**What this task involves:** With the records below as your source, retype each line exactly from the top down to the line that contains "(* Let $k$ be", and include that line.

[Study material — start]

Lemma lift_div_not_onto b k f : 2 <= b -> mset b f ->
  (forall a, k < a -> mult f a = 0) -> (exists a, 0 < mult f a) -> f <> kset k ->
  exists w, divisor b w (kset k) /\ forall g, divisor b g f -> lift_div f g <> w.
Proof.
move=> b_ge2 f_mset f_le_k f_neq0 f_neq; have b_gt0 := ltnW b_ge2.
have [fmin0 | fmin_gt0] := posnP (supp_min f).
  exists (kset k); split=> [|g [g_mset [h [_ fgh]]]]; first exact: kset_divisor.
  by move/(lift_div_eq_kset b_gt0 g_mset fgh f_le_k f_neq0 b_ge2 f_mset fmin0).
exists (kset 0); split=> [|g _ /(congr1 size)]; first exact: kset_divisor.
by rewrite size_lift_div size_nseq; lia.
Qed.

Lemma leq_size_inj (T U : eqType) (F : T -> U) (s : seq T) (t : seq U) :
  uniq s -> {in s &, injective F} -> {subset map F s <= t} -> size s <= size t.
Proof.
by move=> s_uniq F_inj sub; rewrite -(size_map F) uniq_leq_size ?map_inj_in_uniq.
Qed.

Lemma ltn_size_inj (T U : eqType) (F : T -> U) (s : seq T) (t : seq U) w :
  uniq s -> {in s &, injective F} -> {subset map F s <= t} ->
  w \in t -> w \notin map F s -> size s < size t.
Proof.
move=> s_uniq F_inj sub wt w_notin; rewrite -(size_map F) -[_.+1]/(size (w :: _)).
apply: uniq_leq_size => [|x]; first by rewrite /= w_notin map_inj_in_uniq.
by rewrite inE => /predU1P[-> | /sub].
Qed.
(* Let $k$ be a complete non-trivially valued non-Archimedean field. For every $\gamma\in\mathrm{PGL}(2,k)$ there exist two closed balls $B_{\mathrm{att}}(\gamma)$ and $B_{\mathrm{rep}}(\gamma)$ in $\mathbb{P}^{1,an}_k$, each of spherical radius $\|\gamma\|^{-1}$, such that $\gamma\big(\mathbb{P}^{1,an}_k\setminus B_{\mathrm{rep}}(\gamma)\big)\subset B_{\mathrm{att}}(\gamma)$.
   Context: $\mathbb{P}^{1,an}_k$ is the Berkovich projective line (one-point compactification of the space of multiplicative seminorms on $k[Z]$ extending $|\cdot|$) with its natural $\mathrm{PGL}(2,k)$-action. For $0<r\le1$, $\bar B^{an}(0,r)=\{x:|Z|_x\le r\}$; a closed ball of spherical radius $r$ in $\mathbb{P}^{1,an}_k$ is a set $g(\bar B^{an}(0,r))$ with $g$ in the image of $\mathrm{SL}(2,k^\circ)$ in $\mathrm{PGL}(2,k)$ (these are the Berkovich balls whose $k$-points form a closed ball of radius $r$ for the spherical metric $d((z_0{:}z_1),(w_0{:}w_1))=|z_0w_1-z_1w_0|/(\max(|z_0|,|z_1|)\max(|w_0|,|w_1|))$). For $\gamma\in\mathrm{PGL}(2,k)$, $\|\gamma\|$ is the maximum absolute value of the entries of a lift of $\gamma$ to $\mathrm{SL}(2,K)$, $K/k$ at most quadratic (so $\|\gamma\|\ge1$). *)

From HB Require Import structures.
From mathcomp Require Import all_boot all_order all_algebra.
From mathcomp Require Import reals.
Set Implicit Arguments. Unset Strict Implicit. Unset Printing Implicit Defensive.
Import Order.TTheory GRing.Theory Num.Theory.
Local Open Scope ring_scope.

[Study material — finish]

**Problem solution:**
Lemma lift_div_not_onto b k f : 2 <= b -> mset b f ->
  (forall a, k < a -> mult f a = 0) -> (exists a, 0 < mult f a) -> f <> kset k ->
  exists w, divisor b w (kset k) /\ forall g, divisor b g f -> lift_div f g <> w.
Proof.
move=> b_ge2 f_mset f_le_k f_neq0 f_neq; have b_gt0 := ltnW b_ge2.
have [fmin0 | fmin_gt0] := posnP (supp_min f).
  exists (kset k); split=> [|g [g_mset [h [_ fgh]]]]; first exact: kset_divisor.
  by move/(lift_div_eq_kset b_gt0 g_mset fgh f_le_k f_neq0 b_ge2 f_mset fmin0).
exists (kset 0); split=> [|g _ /(congr1 size)]; first exact: kset_divisor.
by rewrite size_lift_div size_nseq; lia.
Qed.

Lemma leq_size_inj (T U : eqType) (F : T -> U) (s : seq T) (t : seq U) :
  uniq s -> {in s &, injective F} -> {subset map F s <= t} -> size s <= size t.
Proof.
by move=> s_uniq F_inj sub; rewrite -(size_map F) uniq_leq_size ?map_inj_in_uniq.
Qed.

Lemma ltn_size_inj (T U : eqType) (F : T -> U) (s : seq T) (t : seq U) w :
  uniq s -> {in s &, injective F} -> {subset map F s <= t} ->
  w \in t -> w \notin map F s -> size s < size t.
Proof.
move=> s_uniq F_inj sub wt w_notin; rewrite -(size_map F) -[_.+1]/(size (w :: _)).
apply: uniq_leq_size => [|x]; first by rewrite /= w_notin map_inj_in_uniq.
by rewrite inE => /predU1P[-> | /sub].
Qed.
(* Let $k$ be a complete non-trivially valued non-Archimedean field. For every $\gamma\in\mathrm{PGL}(2,k)$ there exist two closed balls $B_{\mathrm{att}}(\gamma)$ and $B_{\mathrm{rep}}(\gamma)$ in $\mathbb{P}^{1,an}_k$, each of spherical radius $\|\gamma\|^{-1}$, such that $\gamma\big(\mathbb{P}^{1,an}_k\setminus B_{\mathrm{rep}}(\gamma)\big)\subset B_{\mathrm{att}}(\gamma)$.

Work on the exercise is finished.